Was atheistische Uneinigkeit (Unfähigkeit?) nicht zustande brachte, schaffte nun ein Anthroposoph: Das Kruzifix in der Schule widerspricht höchstrichterlich der Glaubensfreiheit einer pluralistischen Gesellschaft.

     Religionsfreie Menschen sollten nicht frohlocken, denn die oft allzu opportunen Richter sind der doch merkwürdigen Argumentation eines Sektierers gefolgt.

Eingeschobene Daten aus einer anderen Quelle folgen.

Lemma psi_compact : compact [set: psi_point].
Proof.
rewrite compact_cover => J D f fo cov.
have /choice[i iP] : forall p, exists j, D j /\ f j p.
  by move=> p; have [j Dj fj] := cov p I; exists j.
have [L Lcov] := @psi_finite_subcover (f \o i) (fun p => conj (fo _ (iP p).1) (iP p).2).
exists [fset i p | p in L]%fset.
  by move=> j /imfsetP[p _ ->]; rewrite inE; exact: (iP p).1.
move=> q _; have [p pL fq] := Lcov q; exists (i p) => //=.
by apply/imfsetP; exists p.
Qed.

(* Hahn-Banach for a sublinear functional p on a real vector space.  Partial
   linear functionals are represented by their graphs. *)
Section HahnBanach.
Context {R : realType} {E : lmodType R}.
Variable p : E -> R.
Hypothesis p_add : forall x y, p (x + y) <= p x + p y.
Hypothesis p_scale : forall (t : R) x, 0 < t -> p (t *: x) = t * p x.

Definition dominated_graph (G : set (E * R)) : Prop :=
  [/\ (forall x a b, G (x, a) -> G (x, b) -> a = b),
      (forall r x y a b, G (x, a) -> G (y, b) -> G (r *: x + y, r * a + b)) &
      (forall x a, G (x, a) -> a <= p x)].

Lemma dominated_graph_scale G x a r :
  dominated_graph G -> G (x, a) -> G (r *: x, r * a).
Proof.
move=> [_ lin _] Gx; have G0 : G (0, 0).
  by have := lin (-1) _ _ _ _ Gx Gx; rewrite scaleN1r addNr mulN1r addNr.
by have := lin r _ _ _ _ Gx G0; rewrite !addr0.
Qed.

Nicht nur Aufgeklärtheit spricht aus dem Urteil, sondern auch eine Öffnung in Richtung schrulligster Weltanschauungen (die Anthroposophie ist eine solche), wie sie nunmehr seit vielen Jahren in Volkshochschulen und anderen Zirkeln der öffentlichen Trägerschaft massenhaft propagiert werden und in Zukunft wohl in noch größerem Ausmaß durch die pluralistische Gesellschaft hingenommen werden müssen.

     Interessant ist die stürmische Reaktion mancher „Kreuzritter“. Im badischen Südkurier schwärmt ein Kommentator vom „Eintritt in die Kultur“ durch das Kreuzzeichen bei der Taufe. Und der glaubensfeste Waigel (MdB und Minister), den ich im letzten bayerischen Landtagswahlkampf in München auf Wahlplakaten gemeinsam mit seiner Frau für eine intakte traditionelle Familie lächeln sah, obwohl er bald darauf eine andere Frau heiratete, will sich gar starkmachen für eine Überprüfung des Urteils, als seien die Entscheidungen des Bundesverfassungsgerichts für Christen nicht bindend.

     Durch die aggressive Aufgescheuchtheit so vieler bekennender Christen dokumentiert sich wieder einmal in bedrückender Weise die Tragik der gesamten Menschheit: Provinzialität, Intoleranz und Machtanspruch der Religionen.

     Ob sich durch das Urteil jetzt die in Deutschland besonders verankerte Verfilzung von Staat und Kirche aufweichen lässt? Fatal wäre es, gelangten durch den Richterspruch vermehrt religiöse und rückschrittlich-fundamentalistische Symbole zu einer Aufwertung. Denn wozu heilige Symbolistik führt, wird in Israel überdeutlich, wo die West Bank geräumt werden soll, aber die verschiedenen religiösen Gruppen hart um „The Holiest Hot Spots“ kämpfen, „heiligste, heiße Orte“, wo sich oft, historisch nicht einmal abgesichert, bedeutungsschwere Symbole befinden. Treffend formulierte es Arnon Bruckstein (Tower of David Museum, Jerusalem) in „Newsweek“, 31.7.1995: „Es gibt kaum eine blutigere Geschichte als diese. Heiligkeit ist der besondere Kern von Intoleranz bis ans Ende der Tage“. Und der Redakteur Jeffrey Bartholet fügt hinzu: „Gemäß jüdischer Tradition findet man in Jerusalem das Tor zum Himmel – und gleichermaßen das Tor zur Hölle.“ Zuvor führt er aus: „Einige jüdische Mystiker glauben, dass man, wo immer man eine Konzentration von Heiligkeit antrifft, auch einer größeren Ansammlung des Bösen begegnet.“

     Plausible Hinweise für die Friedensunfähigkeit von Religion.